The war being waged by the entertainment industry against online
piracy was further weakened when its powerful ally and champion of
internet policing, Nicolas Sarkozy, president of France, had his
anti-piracy bill watered down by his country's highest court in April.

Ten years after the launch of Napster, the first online file-sharing
service, the music industry is no closer to solving the problems
created by digital piracy. As advances in technology make television,
film and video games companies more vulnerable to piracy, that
decade-long failure to change consumer behaviour threatens to
undermine business models across the media industry.

Piracy has helped to create momentum around legal and intellectual
challenges to copyright law. "Piracy has gone from being a simple
argument about infringement or using something without permission to
questioning the very basis of copyright," says Gregor Pryor, a digital
media partner at Reed Smith, the international law firm.

For most music and film fans, its appeal is more simple. With a little
technological know-how, they can find and download free copies of the
latest releases. Many albums and films appear online before they reach
the shops or cinemas.

In removing the cost of distribution, the internet has proved itself a
perfect piracy incubator and has made it harder for those involved to
be prosecuted successfully. The Pirate Bay case is due to go to appeal
later this year. But the scale of the problem for content owners is
worldwide.

Russia, China, Spain, Mexico and Canada were this year singled out by
the US Congressional International Anti-Piracy Caucus as having the
highest rates of copyright infringement, largely as "the result of a
lack of political will to confront the problem". Russia's lack of
progress in respecting intellectual property rights now threatens its
accession to the World Trade Organisation.

"In Russia there is no concept of copyrighted recorded material. They
get away with selling it and only paying publishing royalties, not
recording ones," says James Bates from Deloitte, the consultancy.

The statistics make uncomfortable reading: the music industry has been
decimated by online piracy, which remains the default way of
consumption for many. For every track bought online, 20 were
downloaded illegally last year, according to IFPI , the international
music industry lobby group.

The film industry is fearful of repeating the mistakes of the music
business. Hollywood executives have waded into the debate, while large
media companies such as NBC are joining forces with trades unions as
rising unemployment levels focus their attention on the threat to
members' jobs and incomes from copyright breaches. IFPI has been
working with the Motion Picture Association of America to share
information on anti-piracy and enforcement.
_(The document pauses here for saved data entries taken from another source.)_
(* Consider the binary noisy-label setting described in the context, and assume ${\mathbb P}(Y=+1)={\mathbb P}(Y=-1)$ and $e_+=e_-$. Let $\mathcal H$ be a hypothesis space, $h^*_f\in\arg\max_{h\in\mathcal H}D_f(P_{h\times Y}\|Q_{h\times Y})$, and $\mathcal H^*$ as defined in the context. Then for each of the following $f$-divergences, $D_f$ is $\mathcal H^*$-robust, i.e. $h^*_f=\arg\max_{h\in\mathcal H^*}D_f(\tilde P_{h\times\tilde Y}\|\tilde Q_{h\times\tilde Y})$: Total Variation $f(v)=\frac12|v-1|$; Jenson–Shannon $f(v)=v\log v-(v+1)\log\frac{v+1}{2}$ (with $f^*(u)=-\log(2-e^u)$); Squared Hellinger $f(v)=(\sqrt v-1)^2$; Pearson $\chi^2$ $f(v)=(v-1)^2$; Neyman $\chi^2$ $f(v)=(1-v)^2/v$; KL $f(v)=v\log v$; Reverse KL $f(v)=-\log v$.
   Context: $(X,Y)$ with $X\in\mathcal X$, $Y\in\{-1,+1\}$; noisy label $\tilde Y$ generated from $Y$, conditionally independently of $X$ given $Y$, with $e_+={\mathbb P}(\tilde Y=-1\mid Y=+1)$, $e_-={\mathbb P}(\tilde Y=+1\mid Y=-1)$, $e_++e_-<1$. A hypothesis space $\mathcal H$ is a set of classifiers $h:\mathcal X\to\{-1,+1\}$. $P_{h\times Y}(y,y')={\mathbb P}(h(X)=y,Y=y')$, $Q_{h\times Y}(y,y')={\mathbb P}(h(X)=y){\mathbb P}(Y=y')$, $\tilde P_{h\times\tilde Y},\tilde Q_{h\times\tilde Y}$ the same with $\tilde Y$; $D_f(P\|Q)=\sum_z q(z)f(p(z)/q(z))$. For $R\in\{Y,\tilde Y\}$ the fitness is ${\rm FIT}(h=y,R=y')=\frac{{\mathbb P}(h(X)=y\mid R=y')}{{\mathbb P}(h(X)=y)}$. Define $\mathcal H^*=\{h\in\mathcal H:\min_y{\rm FIT}(h=y,\tilde Y=y)\ge\max_y{\rm FIT}(h^*_f=y,Y=y)\ge1\}\cup\{h^*_f\}$. *)

From HB Require Import structures.
From mathcomp Require Import all_boot all_order all_algebra.
From mathcomp Require Import all_classical all_reals all_analysis.
Set Implicit Arguments. Unset Strict Implicit. Unset Printing Implicit Defensive.
Import Order.TTheory GRing.Theory Num.Theory.
Local Open Scope classical_set_scope.
Local Open Scope ring_scope.

(* Labels in {-1,+1} are encoded as bool: true = +1, false = -1. *)

Section Defs.
Variables (R : realType) (d : measure_display) (T : measurableType d)
  (P : probability T R).

Definition pr (A : set T) : R := fine (P A).

(* for a classifier-valued r.v. H : T -> bool (H = h o X) and a label r.v. L *)
Definition Pjoint (H L : T -> bool) (y y' : bool) : R :=
  pr [set w | H w = y /\ L w = y'].
Definition Qprod (H L : T -> bool) (y y' : bool) : R :=
  pr [set w | H w = y] * pr [set w | L w = y'].

(* D_f(P||Q) = sum_z q(z) f(p(z)/q(z)), z ranging over {-1,+1}^2,
   f extended-real valued (convention 0 * (+oo) = 0). *)
Definition Dfdiv (f : R -> \bar R) (p q : bool -> bool -> R) : \bar R :=
  (\sum_(y : bool) \sum_(y' : bool) (q y y')%:E * f (p y y' / q y y')%R)%E.

Definition FIT (H L : T -> bool) (y y' : bool) : R :=
  (pr [set w | H w = y /\ L w = y'] / pr [set w | L w = y'])
    / pr [set w | H w = y].

End Defs.

Inductive fdiv_kind :=
  TotalVariation | JensonShannon | SquaredHellinger | PearsonChi2
| NeymanChi2 | KLdiv | ReverseKL.

(* Generators f : [0,+oo) -> \bar R (only evaluated at v >= 0); the value
   +oo at v = 0 for Neyman chi^2 and reverse KL is the standard extension;
   0 * ln 0 = 0 (ln 0 = 0 in mathcomp-analysis). *)
Definition fgen (R : realType) (k : fdiv_kind) (v : R) : \bar R :=
  match k with
  | TotalVariation => (`|v - 1| / 2)%:E
  | JensonShannon => (v * ln v - (v + 1) * ln ((v + 1) / 2))%:E
  | SquaredHellinger => ((Num.sqrt v - 1) ^+ 2)%:E
  | PearsonChi2 => ((v - 1) ^+ 2)%:E
  | NeymanChi2 => if v == 0 then +oo%E else ((1 - v) ^+ 2 / v)%:E
  | KLdiv => (v * ln v)%:E
  | ReverseKL => if v == 0 then +oo%E else (- ln v)%:E
  end.

From HB Require Import structures.
From mathcomp Require Import all_boot all_order all_algebra.
From mathcomp Require Import all_classical all_reals all_analysis.
From mathcomp Require Import ring lra.
Set Implicit Arguments. Unset Strict Implicit. Unset Printing Implicit Defensive.
Import Order.TTheory GRing.Theory Num.Theory.
Local Open Scope classical_set_scope.
Local Open Scope ring_scope.

(* With balanced labels, the joint law of a classifier g and the label is determined by
   q = P(g = +1) and the imbalance δ = P(g = +1, Y = +1) - P(g = +1, Y = -1), and
   D_f = q/2 F(δ/q) + (1-q)/2 F(δ/(1-q)) with F t = f(1+t) + f(1-t); for each of the
   seven generators F vanishes at 0 and is strictly increasing on [0,1], by convexity of f.
   Symmetric noise at rate e keeps the noisy label balanced and multiplies every imbalance
   by c = 1 - 2e, while FIT(g = y, Y = y) = 1 + δ/P(g = y).  For h in H* other than h*, the
   fitness condition bounds both ratios δ*/P(h* = y) by c times the smaller ratio of h.  If
   δ_h > 0 the clean divergence of h* would then be strictly below that of h, contradicting
   the optimality of h*; so δ_h = 0 and the noisy divergence of h vanishes. *)

Section BalancedDivergence.
Variables (R : realType) (F : R -> \bar R).

Definition mass (y : bool) (q : R) := if y then q else 1 - q.

Definition bal_div (q dl : R) : \bar R :=
  ((q / 2)%:E * F (dl / q) + ((1 - q) / 2)%:E * F (dl / (1 - q)))%E.

Definition bal_fit (y : bool) (q dl : R) : R := (mass y q + dl) / mass y q.

Lemma mass_ge0 {q : R} (y : bool) : 0 <= q <= 1 -> 0 <= mass y q.
Proof. by case: y => /andP[] /=; lra. Qed.

Lemma fit_ge1 {m x : R} : 0 <= m -> 1 <= (m + x) / m -> 0 < m /\ 0 <= x.
Proof.
rewrite le_eqVlt => /predU1P[<-|m0]; first by rewrite invr0 mulr0 ler10.
by rewrite ler_pdivlMr // mul1r lerDl.
Qed.

Lemma fit_le {m x r : R} : 0 <= m -> 0 <= r -> (m + x) / m <= 1 + r -> x / m <= r.
Proof.
rewrite le_eqVlt => /predU1P[<-|m0] r0; first by rewrite invr0 !mulr0.
by rewrite mulrDl divff ?gt_eqF // lerD2l.
Qed.

Lemma fitE (m x : R) : 0 < m -> (m + x) / m = 1 + x / m.
Proof. by move=> m0; rewrite mulrDl divff // gt_eqF. Qed.

Lemma ratio_in01 {m x : R} : 0 <= m -> 0 <= x -> x <= m -> 0 <= x / m <= 1.
Proof.
rewrite le_eqVlt => /predU1P[<-|m0] x0 xm; first by rewrite invr0 mulr0 lexx ler01.
by rewrite divr_ge0 ?(ltW m0) //= ler_pdivrMr // mul1r.
Qed.

Hypothesis F0 : F 0 = 0%E.
Hypothesis F_lt : forall s t, 0 <= s -> s < t -> t <= 1 -> (F s < F t)%E.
The statistics are not encouraging, however. A total of 13.7m films
were distributed on peer-to-peer networks in France in May 2008, for
example, compared with 12.2m cinema tickets sold, according to Equancy
and Tera, two Paris-based consultancies.

But the entertainment industry does not always endear itself to
consumers by painting itself as the pained victim. A widely reported
study in the UK this year said downloading cost the economy £120bn
($198bn, €139bn). Other industry associations scrambled to lament the
losses. But the figure was later revealed to be an error - the
estimate was really £12bn.

Such estimates commonly assume each downloaded album is a lost sale,
ignoring other studies that show the most prolific downloaders also
buy more music. One of the few people to be hired by the music
industry who dared to suggest pirates were also labels' best customers
- ex-Googler Douglas Merrill - left EMI after less than a year.
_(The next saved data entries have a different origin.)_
Lemma contains3P n (s : {perm 'I_n}) (x y z : nat) : uniq [:: x; y; z] ->
  reflect (exists a b c : 'I_n, [/\ a < b, b < c, (s a < s b) = (x < y),
             (s a < s c) = (x < z) & (s b < s c) = (y < z)])
          (contains s [:: x; y; z]).
Proof.
rewrite /= !inE andbT => /andP[/norP[xy xz] yz].
apply: (iffP existsP) => [[t /forallP t_emb] | [a [b [c [ab bc sab sac sbc]]]]].
  pose o k (lt_k3 : k < 3) := Ordinal lt_k3.
  have /= /andP[ab /eqP sab] := forallP (t_emb (o 0 isT)) (o 1 isT).
  have /= /andP[ac /eqP sac] := forallP (t_emb (o 0 isT)) (o 2 isT).
  have /= /andP[bc /eqP sbc] := forallP (t_emb (o 1 isT)) (o 2 isT).
  by exists (t (o 0 isT)), (t (o 1 isT)), (t (o 2 isT)).
have ac := ltn_trans ab bc.
have sba := ltn_flip (perm_val_neq s ab) xy sab.
have sca := ltn_flip (perm_val_neq s ac) xz sac.
have scb := ltn_flip (perm_val_neq s bc) yz sbc.
exists [ffun k : 'I_3 => tnth [tuple a; b; c] k].
apply/forallP => -[[|[|[|i]]] lt_i3] //; apply/forallP => -[[|[|[|j]]] lt_j3] //;
  by rewrite !ffunE /= ?ltnn ?ab ?bc ?ac ?sab ?sac ?sbc ?sba ?sca ?scb ?eqxx.
Qed.

Definition peakless n (s : {perm 'I_n}) : bool :=
  [forall a : 'I_n, forall b : 'I_n, forall c : 'I_n,
     (a < b < c) ==> (s b < s a) || (s b < s c)].

Lemma peaklessP n (s : {perm 'I_n}) :
  reflect (forall a b c : 'I_n, a < b -> b < c -> (s b < s a) || (s b < s c))
          (peakless s).
Proof.
apply: (iffP forallP) => [no_peak a b c ab bc | no_peak a].
  by have /forallP/(_ c) := forallP (no_peak a) b; rewrite ab bc.
by apply/forallP => b; apply/forallP => c; apply/implyP => /andP[]; apply: no_peak.
Qed.

Lemma peaklessE n (s : {perm 'I_n}) : peakless s = avoids s p132 && avoids s p231.
Proof.
have contains132P := @contains3P n s 1 3 2 isT.
have contains231P := @contains3P n s 2 3 1 isT.
rewrite /avoids -negb_or; apply/peaklessP/norP => [no_peak | [no132 no231] a b c ab bc].
  split; [apply/contains132P | apply/contains231P];
    case=> a [b [c [ab bc /= sab _ sbc]]]; move: (no_peak a b c ab bc);
    by rewrite sbc orbF ltnNge ltnW.
have [//|sab|/val_inj/perm_inj ba] := ltngtP (s b) (s a); last by rewrite ba ltnn in ab.
have [//|scb|/val_inj/perm_inj bc'] := ltngtP (s b) (s c); last by rewrite bc' ltnn in bc.
have [sac|sca|/val_inj/perm_inj ac] := ltngtP (s a) (s c).
- case/negP: no132; apply/contains132P; exists a, b, c.
  by split; rewrite //= ?sab ?sac //; apply/negbTE; rewrite -leqNgt ltnW.
- case/negP: no231; apply/contains231P; exists a, b, c.
  by split; rewrite //= ?sab //; apply/negbTE; rewrite -leqNgt ltnW.
- by move: (ltn_trans ab bc); rewrite ac ltnn.
Qed.

Section PeaklessShape.
Variables (n : nat) (s : 'S_n.+1).
Hypothesis s_peakless : peakless s.

Let s_min : (s ((s^-1)%g ord0) : nat) = 0.
Proof. by rewrite permKV. Qed.

Lemma peakless_decr_to_min (i j : 'I_n.+1) : i < j -> j <= (s^-1)%g ord0 -> s j < s i.
Proof.
move=> ij j_le_min; have [j_min | j_lt_min] := eqVneq j ((s^-1)%g ord0).
  by move: (perm_val_neq s ij); rewrite j_min s_min lt0n.
have /peaklessP/(_ i j ((s^-1)%g ord0) ij) := s_peakless.
by rewrite s_min ltn0 orbF; apply; rewrite ltn_neqAle j_lt_min.
Qed.

Lemma peakless_incr_from_min (i j : 'I_n.+1) : i < j -> (s^-1)%g ord0 <= i -> s i < s j.
Proof.
move=> ij min_le_i; have [min_i | min_lt_i] := eqVneq ((s^-1)%g ord0) i.
  by move: (perm_val_neq s ij); rewrite -min_i s_min eq_sym lt0n.
have /peaklessP/(_ ((s^-1)%g ord0) i j) := s_peakless.
by rewrite s_min ltn0 /=; apply; rewrite // ltn_neqAle min_lt_i.
Qed.

End PeaklessShape.

Lemma lift_ltn n (h : 'I_n.+1) (a b : 'I_n) : (lift h a < lift h b) = (a < b).
Proof. by rewrite /= !ltnNge leq_bump2. Qed.

Lemma lift_perm_inj n (i j : 'I_n.+1) : injective (lift_perm i j).
Proof.
move=> s t st; apply/permP => k; apply: (@lift_inj _ j).
by rewrite -!(@lift_perm_lift _ i j) st.
Qed.

Lemma lift_perm_surj n (s : 'S_n.+1) (i j : 'I_n.+1) :
  s i = j -> exists t : 'S_n, s = lift_perm i j t.
Proof.
move=> sij; pose f (k : 'I_n) := odflt k (unlift j (s (lift i k))).
have fE k : lift j (f k) = s (lift i k).
  rewrite /f; case: unliftP => [w -> // | /esym]; rewrite -sij => /perm_inj.
  by move/eqP; rewrite (negbTE (neq_lift i k)).
have f_inj : injective f.
  by move=> k1 k2 /(congr1 (lift j)); rewrite !fE => /perm_inj/lift_inj.
exists (perm f_inj); apply/permP => x.
by case: (unliftP i x) => [k|] ->; rewrite ?lift_perm_id // lift_perm_lift permE fE.
Qed.

Lemma peakless_lift_max n (i : 'I_n.+2) (s : 'S_n.+1) : (i == ord0) || (i == ord_max) ->
  peakless (lift_perm i ord_max s) = peakless s.
Proof.
move=> i_end; set t := lift_perm i ord_max s.
have t_i : (t i : nat) = n.+1 by rewrite lift_perm_id.
have t_lift k : (t (lift i k) : nat) = s k by rewrite lift_perm_lift lift_max.
apply/peaklessP/peaklessP => no_peak a b c ab bc.
  by have := no_peak (lift i a) (lift i b) (lift i c); rewrite !lift_ltn !t_lift; apply.
have [b' def_b | b_i] := unliftP i b; last first.
  case/orP: i_end => /eqP i_end; move: ab bc; rewrite b_i i_end // => _ /=.
  by rewrite ltnNge -ltnS ltn_ord.
have [a' def_a | ->] := unliftP i a; last by rewrite t_i def_b t_lift ltn_ord.
have [c' def_c | ->] := unliftP i c; last by rewrite t_i def_b t_lift ltn_ord orbT.
move: ab bc; rewrite def_a def_b def_c !lift_ltn !t_lift; exact: no_peak.
Qed.

Lemma peakless_max_end n (s : 'S_n.+2) :
  peakless s -> s ord0 = ord_max \/ s ord_max = ord_max.
Proof.
move=> /peaklessP no_peak; set k := (s^-1)%g ord_max.
have s_k : s k = ord_max by rewrite permKV.
have [k0 | k_neq0] := eqVneq k ord0; first by left; rewrite -k0.
have [kmax | k_neq_max] := eqVneq k ord_max; first by right; rewrite -{1}kmax.
have k_gt0 : 0 < k by rewrite lt0n; apply: contraNneq k_neq0 => k0; apply/eqP/val_inj.
have k_lt_max : k < n.+1.
  have : (k : nat) != n.+1 by apply: contraNneq k_neq_max => kmax; apply/eqP/val_inj.
  by have := ltn_ord k; lia.
have := no_peak ord0 k ord_max k_gt0 k_lt_max; rewrite s_k /=.
by have := ltn_ord (s ord0); have := ltn_ord (s ord_max); lia.
Qed.

Lemma peakless_max_at_end n (i : 'I_n.+2) : (i == ord0) || (i == ord_max) ->
  [set s : 'S_n.+2 | peakless s & s i == ord_max] =
  lift_perm i ord_max @: [set s | peakless s].
Proof.
move=> i_end; apply/setP => s; rewrite !inE.
apply/andP/imsetP => [[s_peakless /eqP/lift_perm_surj[t def_s]] | [t t_peakless ->]].
  by exists t; rewrite // inE -(peakless_lift_max t i_end) -def_s.
by rewrite inE in t_peakless; rewrite peakless_lift_max // lift_perm_id.
Qed.

Lemma card_peakless n : #|[set s : 'S_n.+1 | peakless s]| = 2 ^ n.
Proof.
elim: n => [|n IHn].
  rewrite -[RHS](card_Sn 1) -cardsT; apply: eq_card => s; rewrite !inE.
  by apply/peaklessP => -[[|//] ?] -[[|//] ?].
have split_max_end : [set s : 'S_n.+2 | peakless s] =
    [set s | peakless s & s ord0 == ord_max] :|: [set s | peakless s & s ord_max == ord_max].
  apply/setP => s; rewrite !inE -andb_orr; apply/esym/andb_idr => /peakless_max_end.
  by case=> ->; rewrite eqxx ?orbT.
have disjoint_ends :
    [set s : 'S_n.+2 | peakless s & s ord0 == ord_max] :&:
    [set s | peakless s & s ord_max == ord_max] = set0.
  apply/setP => s; rewrite !inE andbACA andbb; apply/negbTE.
  apply/nandP; right; apply/andP => -[/eqP s0 /eqP smax].
  by move: s0; rewrite -smax => /perm_inj/(congr1 val).
rewrite split_max_end cardsU disjoint_ends cards0 subn0.
rewrite !peakless_max_at_end ?eqxx ?orbT // !card_imset; try exact: lift_perm_inj.
by rewrite IHn expnS mul2n addnn.
Qed.

Section ConjugatedRotation.
Variable n : nat.

Definition rotation : 'S_n.+1 := perm (@ordS_inj n.+1).

Lemma rotation_val (k : 'I_n.+1) : (rotation k : nat) = k.+1 %% n.+1.
Proof. by rewrite permE. Qed.

Lemma rotationX i (k : 'I_n.+1) : ((rotation ^+ i)%g k : nat) = (k + i) %% n.+1.
Proof.
elim: i => [|i IHi]; first by rewrite expg0 perm1 addn0 modn_small.
by rewrite expgSr permM rotation_val IHi -addn1 modnDml -addnA addn1.
Qed.

Lemma rotationX_ord0 (k : 'I_n.+1) : (rotation ^+ k)%g ord0 = k.
Proof. by apply: ord_inj; rewrite rotationX add0n modn_small. Qed.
An industry that portrays itself as the victim while suing single
mothers and other ordinary consumers for big sums has only helped the
cause of Pirate Bay and those downloaders who are trying to make an
ideological point by stealing music and movies. An anarchic and
nihilist foe - which is yet to make a coherent argument for how
content production would be paid for in a copyright-free future - is a
tough opponent.

But the majority of file-sharing sites are commercial, not political,
in motivation. Few of the pirates want to build a business to take on
Universal Music or EMI. Like a market stall selling pirated DVDs, they
just want to make a small profit from a virtual commodity and do not
mind whose business model they ruin to do so. What started out as a
hobby for computer geeks such as Sean Fanning, who developed Napster,
has become big business for website owners.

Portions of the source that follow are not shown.